Strike-out a “better route” to disapplying QOCS

A claimant who had their noise-induced hearing loss claim struck out has lost the protection of qualified one-way costs shifting (QOCS) after the defendant successfully argued that the exceptions laid out in rule 44.15 applied.

Sarah Stuchfield, the associate at DWF who acted for the defendant in the case, said that because the strike-out application did not have to involve considerations of fundamental dishonesty, “the insurer was in an improved position as there was no need to seek the court’s permission to set aside QOCS protection to be able to enforce the costs order”.

The letter of claim in the case was dated 17 March 2015. Proceedings were issued on 22 August 2015 but not served until 17 December 2015. No medical evidence was served with the particulars of claim, but the claimant’s solicitors served a screening audiogram which had been conducted on 7 October 2015.

This led to a strike-out application in January 2016 in light of the failure to any serve medical evidence in support of the claim, pursuant to paragraph 4.3 of PD 16.

The defendant argued that the audiogram did not constitute a medical report as it failed to comply with rule 35.10 and the requirements set out in PD 35. It was further submitted that the audiogram did not satisfy the criteria for such tests and, in any case, did not indicate hearing loss beyond what would be expected of someone of the claimant’s age.

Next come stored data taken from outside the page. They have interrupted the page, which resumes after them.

(* Let $\mathfrak m,\mathfrak m^*$ be complex-valued functions on the edges of the lattice strip and let $\phi=\int_{\gamma_0}\big(\mathfrak m(z)\psi(z)\,dz+\mathfrak m^*(z)\psi^*(z)\,d\bar z\big)$. Then its Hilbert space adjoint is $$\phi^\dagger=\int_{\gamma_0}\big(-\overline{\mathfrak m(z)}\,\psi(z)\,dz+\overline{\mathfrak m^*(z)}\,\psi^*(z)\,d\bar z\big).$$
   Context: Fix integers $a<0<b$, $C=\{a,\dots,b\}$, $C^*=\{a+\frac12,\dots,b-\frac12\}$. $\tilde V$ is the complex inner product space with orthonormal basis $(e_\rho)_{\rho\in\{\pm1\}^C}$, and $\dagger$ is the Hilbert space adjoint. For $x'\in C^*$, $\varsigma_{x'}(\rho)$ flips the signs of $\rho_x$ for $x<x'$; $\psi_{x'}e_\rho=\frac{-\rho_{x'-1/2}+i\rho_{x'+1/2}}{\sqrt2}e_{\varsigma_{x'}(\rho)}$, $\psi^*_{x'}e_\rho=\frac{-i\rho_{x'-1/2}+\rho_{x'+1/2}}{\sqrt2}e_{\varsigma_{x'}(\rho)}$. The lattice strip has vertices $C\times\mathbb Z\subset\mathbb C$ and nearest-neighbour edges identified with their midpoints; on the horizontal edges $x'\in C^*$ at height $0$ the fermions are $\psi(x')=\psi_{x'}$, $\psi^*(x')=\psi^*_{x'}$. The contour $\gamma_0=(a,a+1,\dots,b)$ crosses the strip at height $0$, and for a contour $(w_0,\dots,w_m)$ with $z_j$ the edge joining $w_{j-1},w_j$, $\int(\mathfrak m\psi\,dz+\mathfrak m^*\psi^*\,d\bar z)=\sum_j(\mathfrak m(z_j)\psi(z_j)(w_j-w_{j-1})+\mathfrak m^*(z_j)\psi^*(z_j)\overline{(w_j-w_{j-1})})$. *)

(* Complex scalars: any numClosedFieldType K (e.g. algC, or
   complex R for R : rcfType), with imaginary unit 'i, conjugation ^*, sqrtC. *)
From mathcomp Require Import all_boot all_order all_algebra.
Set Implicit Arguments. Unset Strict Implicit. Unset Printing Implicit Defensive.
Import Order.TTheory GRing.Theory Num.Theory.
Local Open Scope ring_scope.

(* C = {a,...,b} is indexed by 'I_(nsites a b); site i <-> integer a + i *)
Definition nsites (a b : int) : nat := `|b - a|%N.+1.
Definition pos (a b : int) (i : 'I_(nsites a b)) : int := a + (i : nat)%:Z.

(* spin configurations rho in {+1,-1}^C ; true = +1, false = -1 *)
Notation config a b := {ffun 'I_(nsites a b) -> bool}.
(* the space V~ : functions config -> K, i.e. coordinates in the basis e_rho *)
Notation Vt K a b := {ffun config a b -> K}.

Definition spin (K : numClosedFieldType) (s : bool) : K := if s then 1 else -1.
Definition rho_at (K : numClosedFieldType) (a b : int) (rho : config a b) (x : int) : K :=
  \sum_(i : 'I_(nsites a b) | pos i == x) spin K (rho i).

Definition ebasis (K : numClosedFieldType) (a b : int) (rho : config a b) : Vt K a b :=
  [ffun s => (s == rho)%:R].
Definition vscale (K : numClosedFieldType) (a b : int) (c : K) (v : Vt K a b) : Vt K a b :=
  [ffun s => c * v s].
Definition inner (K : numClosedFieldType) (a b : int) (u v : Vt K a b) : K :=
  \sum_rho (u rho)^* * v rho.

Definition adjoint_of (K : numClosedFieldType) (a b : int) (A B : Vt K a b -> Vt K a b) : Prop :=
  forall u v, inner u (A v) = inner (B u) v.

(* x' = k + 1/2 in C^* is encoded by the integer k.
   varsigma_{x'} flips rho_x for x < x', i.e. x <= k *)
Definition varsigma (a b : int) (k : int) (rho : config a b) : config a b :=
  [ffun i => if pos i <= k then ~~ rho i else rho i].

Definition psi (K : numClosedFieldType) (a b : int) (k : int) (v : Vt K a b) : Vt K a b :=
  \sum_rho vscale (v rho * ((- rho_at K rho k + 'i * rho_at K rho (k + 1)) / sqrtC 2))
                  (ebasis K (varsigma k rho)).
Definition psis (K : numClosedFieldType) (a b : int) (k : int) (v : Vt K a b) : Vt K a b :=
  \sum_rho vscale (v rho * ((- 'i * rho_at K rho k + rho_at K rho (k + 1)) / sqrtC 2))
                  (ebasis K (varsigma k rho)).

(* Edges of the lattice Z x Z (containing the strip C x Z):
   hedge x y joins x+iy and (x+1)+iy (midpoint x+1/2+iy);
   vedge x y joins x+iy and x+i(y+1). *)
Inductive edge := hedge of int & int | vedge of int & int.

(* Discrete contour integral  \int (m psi dz + ms psi* dzbar)  along a contour
   (w_0,...,w_m) whose vertices lie at height 0 (w_j = x_j, integers, consecutive
   ones adjacent).  The edge z_j joining w_{j-1}, w_j is hedge (min) 0, where
   psi(z_j) = psi_{min+1/2}, psi*(z_j) = psi*_{min+1/2}; w_j - w_{j-1} is real. *)
Definition contour_int (K : numClosedFieldType) (a b : int) (m ms : edge -> K)
    (w : seq int) (v : Vt K a b) : Vt K a b :=
  \sum_(pq <- zip w (behead w))
    let k := Num.min pq.1 pq.2 in
    let d : K := (pq.2 - pq.1)%:~R in
    vscale (m (hedge k 0) * d) (psi k v) + vscale (ms (hedge k 0) * d^*) (psis k v).

Definition gamma0 (a b : int) : seq int := [seq a + (i%:Z) | i <- iota 0 (`|b - a|%N.+1)].

From mathcomp Require Import all_boot all_order all_algebra.
From mathcomp Require Import zify ring.
Set Implicit Arguments. Unset Strict Implicit. Unset Printing Implicit Defensive.
Import Order.TTheory GRing.Theory Num.Theory.
Local Open Scope ring_scope.

(* Both psi_{x'} and psi*_{x'} have the form e_rho |-> c(rho) e_{varsigma rho}
   for the involution varsigma = varsigma_{x'}, and the adjoint of such an
   operator has coefficient rho |-> conj (c (varsigma rho)).  As varsigma negates
   rho_{x'-1/2}, fixes rho_{x'+1/2}, and conj i = -i, psi_{x'} is skew-adjoint and
   psi*_{x'} self-adjoint.  Since dz is real along a horizontal contour,
   conjugating the weights gives the formula for every contour at height 0. *)

Section Sesquilinear.
Variables (K : numClosedFieldType) (a b : int).

Lemma inner0r (u : Vt K a b) : inner u 0 = 0.
Proof. by rewrite /inner big1 // => r _; rewrite ffunE mulr0. Qed.

Lemma inner0l (v : Vt K a b) : inner 0 v = 0.
Proof. by rewrite /inner big1 // => r _; rewrite ffunE rmorph0 mul0r. Qed.

Lemma inner_addr (u v1 v2 : Vt K a b) : inner u (v1 + v2) = inner u v1 + inner u v2.
Proof. by rewrite /inner -big_split; apply: eq_bigr => r _; rewrite ffunE mulrDr. Qed.

Lemma inner_addl (u1 u2 v : Vt K a b) : inner (u1 + u2) v = inner u1 v + inner u2 v.
Proof. by rewrite /inner -big_split; apply: eq_bigr => r _; rewrite ffunE rmorphD mulrDl. Qed.

Lemma adjoint_of_sum (I : Type) (s : seq I) (A B : I -> Vt K a b -> Vt K a b) :
    (forall i, adjoint_of (A i) (B i)) ->
  adjoint_of (fun v => \sum_(i <- s) A i v) (fun u => \sum_(i <- s) B i u).
Proof.
move=> AB u v.
rewrite (big_morph (inner u) (inner_addr u) (inner0r u)).
rewrite (big_morph (fun x => inner x v) (fun x y => inner_addl x y v) (inner0l v)).
by apply: eq_bigr => i _; apply: AB.
Qed.

End Sesquilinear.

Section FlipOperators.
Variables (K : numClosedFieldType) (a b : int).
Implicit Types (k : int) (r s : config a b) (u v : Vt K a b) (c : config a b -> K).

Section Involution.
Variables (f : config a b -> config a b) (fK : involutive f).

Definition flip_op c v : Vt K a b := \sum_rho vscale (v rho * c rho) (ebasis K (f rho)).

Lemma flip_opE c v s : flip_op c v s = v (f s) * c (f s).
Proof.
rewrite sum_ffunE (bigD1 (f s)) //= big1 ?addr0; first by rewrite !ffunE fK eqxx mulr1.
move=> r /negbTE neq_r; rewrite !ffunE.
by rewrite -[s in s == _]fK (inj_eq (inv_inj fK)) eq_sym neq_r mulr0.
Qed.

Lemma flip_op_adjoint c : adjoint_of (flip_op c) (flip_op (fun r => (c (f r))^*)).
Proof.
move=> u v; rewrite /inner (reindex_inj (inv_inj fK)) /=.
apply: eq_bigr => r _; rewrite !flip_opE fK rmorphM /= conjCK.
by rewrite mulrA mulrAC.
Qed.

End Involution.

Lemma varsigmaK k : involutive (@varsigma a b k).
Proof. by move=> r; apply/ffunP=> i; rewrite !ffunE; case: ifP => ->; rewrite ?negbK. Qed.

Definition psi_coef k r : K :=
  (- rho_at K r k + 'i * rho_at K r (k + 1)) / sqrtC 2.
Definition psis_coef k r : K :=
  (- 'i * rho_at K r k + rho_at K r (k + 1)) / sqrtC 2.

Lemma psi_flip k v : psi k v = flip_op (varsigma k) (psi_coef k) v.
Proof. by []. Qed.

Lemma psis_flip k v : psis k v = flip_op (varsigma k) (psis_coef k) v.
Proof. by []. Qed.

Lemma conj_spin (t : bool) : (spin K t)^* = spin K t.
Proof. by case: t; rewrite /spin ?conjC1 ?conjCN1. Qed.

Lemma conj_rho_at r x : (rho_at K r x)^* = rho_at K r x.
Proof. by rewrite /rho_at rmorph_sum; apply: eq_bigr => i _; apply: conj_spin. Qed.

Lemma rho_at_varsigma k r : rho_at K (varsigma k r) k = - rho_at K r k.
Proof.
rewrite /rho_at -sumrN; apply: eq_bigr => i /eqP posi.
by rewrite ffunE posi lexx; case: (r i); rewrite /spin ?opprK.
Qed.

Lemma rho_at_varsigma_succ k r : rho_at K (varsigma k r) (k + 1) = rho_at K r (k + 1).
Proof.
rewrite /rho_at; apply: eq_bigr => i /eqP posi.
by rewrite ffunE posi; case: ifP => //; lia.
Qed.

Lemma conj_sqrtC2 : (sqrtC (2 : K))^* = sqrtC 2.
Proof. by apply: geC0_conj; rewrite sqrtC_ge0 ler0n. Qed.

Lemma conj_psi_coef_varsigma k r : (psi_coef k (varsigma k r))^* = - psi_coef k r.
Proof.
rewrite /psi_coef rho_at_varsigma rho_at_varsigma_succ.
rewrite !(rmorphM, rmorphD, rmorphN, fmorphV) /= conjCi conj_sqrtC2 !conj_rho_at.
by ring.
Qed.

Lemma conj_psis_coef_varsigma k r : (psis_coef k (varsigma k r))^* = psis_coef k r.
Proof.
rewrite /psis_coef rho_at_varsigma rho_at_varsigma_succ.
rewrite !(rmorphM, rmorphD, rmorphN, fmorphV) /= conjCi conj_sqrtC2 !conj_rho_at.
by ring.
Qed.

Definition edge_op k (p q : K) v : Vt K a b := vscale p (psi k v) + vscale q (psis k v).

Lemma edge_op_flip k p q v :
  edge_op k p q v = flip_op (varsigma k) (fun r => p * psi_coef k r + q * psis_coef k r) v.
Proof.
apply/ffunP => s; rewrite /edge_op psi_flip psis_flip !ffunE !(flip_opE (varsigmaK k)).
by ring.
Qed.

Lemma edge_op_adjoint k p q : adjoint_of (edge_op k p q) (edge_op k (- p^*) q^*).
Proof.
move=> u v; rewrite !edge_op_flip (flip_op_adjoint (varsigmaK k)); congr inner.
apply/ffunP => s; rewrite !(flip_opE (varsigmaK k)) rmorphD (rmorphM _ p) (rmorphM _ q) /=.
by rewrite conj_psi_coef_varsigma conj_psis_coef_varsigma mulrN mulNr.
Qed.

End FlipOperators.

Lemma contour_int_adjoint (K : numClosedFieldType) (a b : int)
    (m ms : edge -> K) (w : seq int) :
  adjoint_of (@contour_int K a b m ms w)
             (@contour_int K a b (fun z => - (m z)^*) (fun z => (ms z)^*) w).
Proof.
apply: adjoint_of_sum => -[x y] /=; set k := Num.min x y; set d : K := (y - x)%:~R.
have real_d : d^* = d by rewrite rmorph_int.
have -> : - (m (hedge k 0))^* * d = - (m (hedge k 0) * d)^*.
  by rewrite rmorphM /= real_d mulNr.
have -> : (ms (hedge k 0))^* * d^* = (ms (hedge k 0) * d^*)^* by rewrite rmorphM /= !real_d.
exact: edge_op_adjoint.
Qed.

Theorem proposition3p11 (K : numClosedFieldType) (a b : int)
    (ha : a < 0) (hb : 0 < b) (m ms : edge -> K) :
  adjoint_of
    (@contour_int K a b m ms (gamma0 a b))
    (@contour_int K a b (fun z => - (m z)^*) (fun z => (ms z)^*) (gamma0 a b)).
Proof. exact: contour_int_adjoint. Qed.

The strike-out application was successful and DWF argued that the claimant should automatically lose QOCS protection under rule 44.15, on the basis that serving the proceedings without the requisite medical report meant that the claimant disclosed no reasonable grounds for bringing the proceedings; and/or the proceedings constituted an abuse of process; and/or the conduct of the claimant’s legal representative was likely to obstruct the just disposal of the proceedings.

Before the hearing of this application took place, the claimant’s solicitors purported to serve a notice of discontinuance and, over the phone, persuaded the court staff to vacate the hearing. DWF applied to set aside the notice of discontinuance and sought an order for the claimant to pay the costs of the entire claim.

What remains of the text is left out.